Odcinek, który został wyreżyserowany przez Mantegnę, składa hołd Taylorowi - długoletniemu przyjacielowi aktora - i był przygotowywany odkąd Taylor zmarł w czerwcu zeszłego roku z powodu raka jelita grubego. W rzeczywistości Taylor otrzymał swoją diagnozę po wycięciu wyrostka robaczkowego po jego pierwszym odcinku "Zabójczych umysłów" w 2012 roku, który pojawił się po tym jak asystent Mantegny, Danny Ramm zasugerował historię z bezdomnym weteranem.
"Pomyślałem sobie, najlepszym rodzajem medycyny byłoby przywrócenie go znowu do pracy i zrobienie kontynuacji tego odcinka, a więc przedstawiłem ten pomysł naszym scenarzystom, co doprowadziło do drugiego odcinka, który zrobił" - mówi Mantegna. "Przechodził przez chemioterapię, kiedy kręcił ten odcinek. Kiedy odszedł - zawsze zawsze pojawiałem się na początku sezonu, aby przedstawić moje pomysły, a tym razem miałem dwa: Rossi ma swoją od dawna zaginiona córkę, o której się dowiedzieliśmy, a drugą było to czy możemy zakończyć tę historię, postawić kropkę w tej całej rzeczy z postacią Meshacha? I tak zrobili. Będąc w stanie wyreżyserować to, to pozwoliło mi złożyć hołd mojemu najdłuższemu i najbliższemu przyjacielowi".

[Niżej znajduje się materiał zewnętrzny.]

(* Let $(X,\tau_\delta)_{\delta>0}$ be a simple Hilbert dilation system, with the orthonormal basis $e_1,\dots,e_d$ of $X$ satisfying $\tau_\delta e_j=\delta^{-\nu_j}e_j$, $\nu_1<\dots<\nu_d$. Let $H$ be a $k$-dimensional subspace, $1\le k\le d$. Suppose $\epsilon\in(0,1/2)$, $\delta,\delta'>0$ with $\delta\ge\epsilon^{-2}\delta'$, and $S,S'\subseteq\{1,\dots,d\}$ with $\#S=\#S'=k$ satisfy $|\langle\omega_{\tau_\delta H},\omega_S\rangle|\ge\epsilon|\omega_{\tau_\delta H}|$ and $|\langle\omega_{\tau_{\delta'}H},\omega_{S'}\rangle|\ge\epsilon|\omega_{\tau_{\delta'}H}|$. Then $c_\ell(S)\ge c_\ell(S')$ for all $\ell=1,\dots,d$.
   Context: Hilbert dilation system: $X$ finite-dimensional real Hilbert space, $X=\bigoplus_{\nu=1}^mX_\nu$ orthogonal, $\tau_\delta|_{X_\nu}=\delta^{-\nu}\mathrm{id}$; simple means $\dim X_\nu\in\{0,1\}$; the indices $\nu$ with $\dim X_\nu=1$ are $\nu_1<\dots<\nu_d$ and $e_j$ is a unit vector spanning $X_{\nu_j}$. On $\bigwedge^kX$ the inner product is the bilinear extension of $\langle v_1\wedge\dots\wedge v_k,w_1\wedge\dots\wedge w_k\rangle=\det(\langle v_i,w_j\rangle)$. For a $k$-dimensional subspace $W$, $\omega_W=w_1\wedge\dots\wedge w_k$ for some basis $w_1,\dots,w_k$ of $W$ (any choice). For $S\subseteq\{1,\dots,d\}$, $\omega_S=\bigwedge_{j\in S}e_j$ (increasing order) and $c_\ell(S)=\#\{j\in S:j\le\ell\}$. *)

(* X is modelled as R^d (row vectors 'rV[R]_d) with the
   standard orthonormal basis e_j (j : 'I_d, 0-based), R a real closed field. *)
From mathcomp Require Import all_boot all_order all_algebra.
Set Implicit Arguments. Unset Strict Implicit. Unset Printing Implicit Defensive.
Import Order.TTheory GRing.Theory Num.Theory.
Local Open Scope ring_scope.

Section Defs.
Variables (R : rcfType) (d : nat).

Definition tau (nu : 'I_d -> nat) (delta : R) : 'M[R]_d :=
  diag_mx (\row_j (delta ^- nu j)).

(* For V, W : 'M_(k,d) whose rows are v_1..v_k and w_1..w_k,
   <v_1 /\ .. /\ v_k, w_1 /\ .. /\ w_k> = det(<v_i, w_j>) = det (V W^T). *)
Definition wedge_ip (k : nat) (V W : 'M[R]_(k, d)) : R := \det (V *m W^T).

Definition wedge_norm (k : nat) (V : 'M[R]_(k, d)) : R := Num.sqrt (wedge_ip V V).

(* Rows e_{s_1}, .., e_{s_k} with s_1 < .. < s_k the elements of S
   (meaningful when #|S| = k); its wedge is omega_S. *)
Definition omegaS (k : nat) (S : {set 'I_d}) : 'M[R]_(k, d) :=
  \matrix_(i < k, j < d) ((val j == nth 0%N [seq val x | x <- enum S] i)%:R).

End Defs.

(* c_l(S) = #{ j in S : j <= l } with 1-based indices; with 0-based
   ordinals this is #{ j in S : val j < l }. *)
Definition cnt (d : nat) (l : nat) (S : {set 'I_d}) : nat :=
  #|[set j in S | (val j < l)%N]|.

From mathcomp Require Import all_boot all_order all_algebra.
From mathcomp Require Import perm ring lra zify.
Set Implicit Arguments. Unset Strict Implicit. Unset Printing Implicit Defensive.
Import Order.TTheory GRing.Theory Num.Theory.
Local Open Scope ring_scope.

(* X = R^d with the standard basis, H the row space of A (k independent rows),
   tau_dl H the row space of A tau_dl, and all wedge products are computed as
   k x k minors (Cauchy-Binet).

   1. Concentration (wedge_mass_concentrated).  If |<omega_M, omega_S>| is at
      least eps |omega_M|, every vector w of the row space of M satisfies
      eps^2 |w|^2 <= |w restricted to S|^2.  This follows from Cramer's rule,
      which writes each coordinate of w through its coordinates on S with the
      exchanged minors as coefficients, from Cauchy-Schwarz, and from the
      Cauchy-Binet bound on the sum of those squared minors.

   2. Two scales (scale_separation).  Dilating from delta' to delta >=
      eps^-2 delta' shrinks the coordinate of weight nu relative to the others
      geometrically in nu, so no nonzero vector can carry an eps^2-fraction of
      its mass below index l at scale delta' and above l at scale delta.

   If c_l(S) < c_l(S'), a dimension count gives a nonzero combination of the
   rows of A vanishing on (S' above l) u (S below l); by 1. it concentrates
   above l at scale delta and below l at scale delta', contradicting 2. *)

Section Minors.
Variables (R : comRingType) (k d : nat).
Implicit Types (M : 'M[R]_(k, d)) (f s : 'I_k -> 'I_d).

(* The k x k minor of M formed by the columns f 0, ..., f (k-1), in this
   order; in exterior-algebra terms, a coordinate of the wedge of the rows. *)
Definition minor M f : R := \det (colsub f M).

Definition updf s (i : 'I_k) (j : 'I_d) : 'I_k -> 'I_d :=
  fun t => if t == i then j else s t.

Lemma minor_perm M f (p : 'S_k) :
  minor M (fun a => f (p a)) = (-1) ^+ p * minor M f.
Proof.
rewrite /minor; have -> : colsub (fun a => f (p a)) M = col_perm p (colsub f M).
  by apply/matrixP => i j; rewrite !mxE.
by rewrite col_permE det_mulmx det_perm odd_permV mulrC.
Qed.

Lemma gram_det_expand M :
  \det (M *m M^T) = \sum_(f : {ffun 'I_k -> 'I_d}) (\prod_a M a (f a)) * minor M f.
Proof.
rewrite /determinant.
transitivity (\sum_(p : 'S_k) \sum_(f : {ffun 'I_k -> 'I_d})
   (-1) ^+ p * \prod_a (M a (f a) * M (p a) (f a))).
  apply: eq_bigr => p _; rewrite -big_distrr /=; congr (_ * _).
  transitivity (\prod_a \sum_c (M a c * M (p a) c)).
    by apply: eq_bigr => a _; rewrite mxE; apply: eq_bigr => c _; rewrite mxE.
  by rewrite bigA_distr_bigA.
rewrite exchange_big; apply: eq_bigr => f _.
rewrite /minor -det_tr /determinant big_distrr /=; apply: eq_bigr => p _.
rewrite big_split /= mulrCA; congr (_ * (_ * _)).
by apply: eq_bigr => a _; rewrite !mxE.
Qed.

(* Cauchy-Binet, summed over all column choices f: every k-subset of columns
   occurs k! times (with equal squared minors) and non-injective f give 0. *)
Lemma cauchy_binet M :
  (k`!)%:R * \det (M *m M^T) = \sum_(f : {ffun 'I_k -> 'I_d}) minor M f ^+ 2.
Proof.
have leibniz f : minor M f = \sum_(p : 'S_k) (-1) ^+ p * \prod_a M a (f (p a)).
  rewrite /minor /determinant; apply: eq_bigr => p _; congr (_ * _).
  by apply: eq_bigr => a _; rewrite mxE.
rewrite gram_det_expand -(card_Sn k) -sum1_card natr_sum big_distrl /=.
transitivity (\sum_(p : 'S_k) \sum_(f : {ffun 'I_k -> 'I_d})
   (\prod_a M a (f (p a))) * ((-1) ^+ p * minor M f)).
  apply: eq_bigr => p _; rewrite mul1r.
  rewrite (reindex_inj (h := fun f : {ffun 'I_k -> 'I_d} => [ffun a => f (p a)])).
    apply: eq_bigr => f _; rewrite -minor_perm; congr (_ * _).
      by apply: eq_bigr => a _; rewrite ffunE.
    by rewrite /minor; congr (\det _); apply/matrixP => i j; rewrite !mxE ffunE.
  move=> f g /ffunP fg; apply/ffunP => a.
  by have := fg (p^-1 a)%g; rewrite !ffunE permKV.
rewrite exchange_big; apply: eq_bigr => f _.
rewrite expr2 [X in _ = X * _]leibniz big_distrl /=.
by apply: eq_bigr => p _; rewrite mulrCA mulrA.
Qed.

(* Cramer's rule for a combination w = x M of the rows: minor M s * w_j
   expands along the coordinates w_(s i), with the exchanged minors. *)
Lemma minor_cramer M s (x : 'rV[R]_k) (j : 'I_d) :
  minor M s * (x *m M) 0 j = \sum_i (x *m M) 0 (s i) * minor M (updf s i j).
Proof.
set B := colsub s M; set c := col j M.
have adjE i : (\adj B *m c) i 0 = minor M (updf s i j).
  rewrite /minor (expand_det_col _ i) mxE; apply: eq_bigr => r _.
  rewrite !mxE /updf eqxx mulrC; congr (_ * _).
  rewrite /cofactor; congr (_ * \det _).
  by apply/matrixP => a b; rewrite !mxE eq_sym (negbTE (neq_lift i b)).
have colE : (x *m M) 0 j = (x *m c) 0 0.
  by rewrite !mxE; apply: eq_bigr => r _; rewrite !mxE.
transitivity (((x *m B) *m (\adj B *m c)) 0 0).
  by rewrite colE mulmxA -(mulmxA x) mul_mx_adj mul_mx_scalar -scalemxAl [in RHS]mxE.
rewrite mxE; apply: eq_bigr => i _.
by rewrite adjE /B mulmx_colsub mxE.
Qed.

Mantegna i Taylor spotkali się w 1969 roku przy produkcji "Hair", co było pierwszą pracą aktorską zarówno dla nich jak i żony Mantegny. "Jestem ojcem chrzestnym jego dzieci. On jest ojcem chrzestnym moich" - mówi Mantegna o ich trwałej przyjaźni. "Wykonaliśmy nasze pierwsze zawodowe aktorskie role razem i jego ostatnia praca była w Zabójczych umysłach, co wyreżyserowałem. Byłem w stanie zakończyć jego karierę".
Chociaż reżyserowanie środowego odcinka było zrozumiale trudne, Mantegna powiedział, że to było również pozytywne doświadczenie. "Miałem tą możliwość i zdolność złożyć hołd temu wspaniałemu, utalentowanemu mężczyźnie i wspaniałemu człowiekowi" - mówi. Co czyni to jeszcze bardziej szczególnym to fakt, że córka Rosiego, Joy, jest grana przez Stevens, córkę Shadoe Stevensa - kolegi Taylora z "Dave's World". "Nie miałem pojęcia, kiedy ją obsadziliśmy. Nawet nie wiedziałem, że Stevens miał dzieci. To był zupełny przypadek" - mówi Mategna. "To było prawie jakby Meshach maczał w tym palce... Po prostu czułem się bardzo pobłogosławiony, aby być w stanie zrobić to dla niego".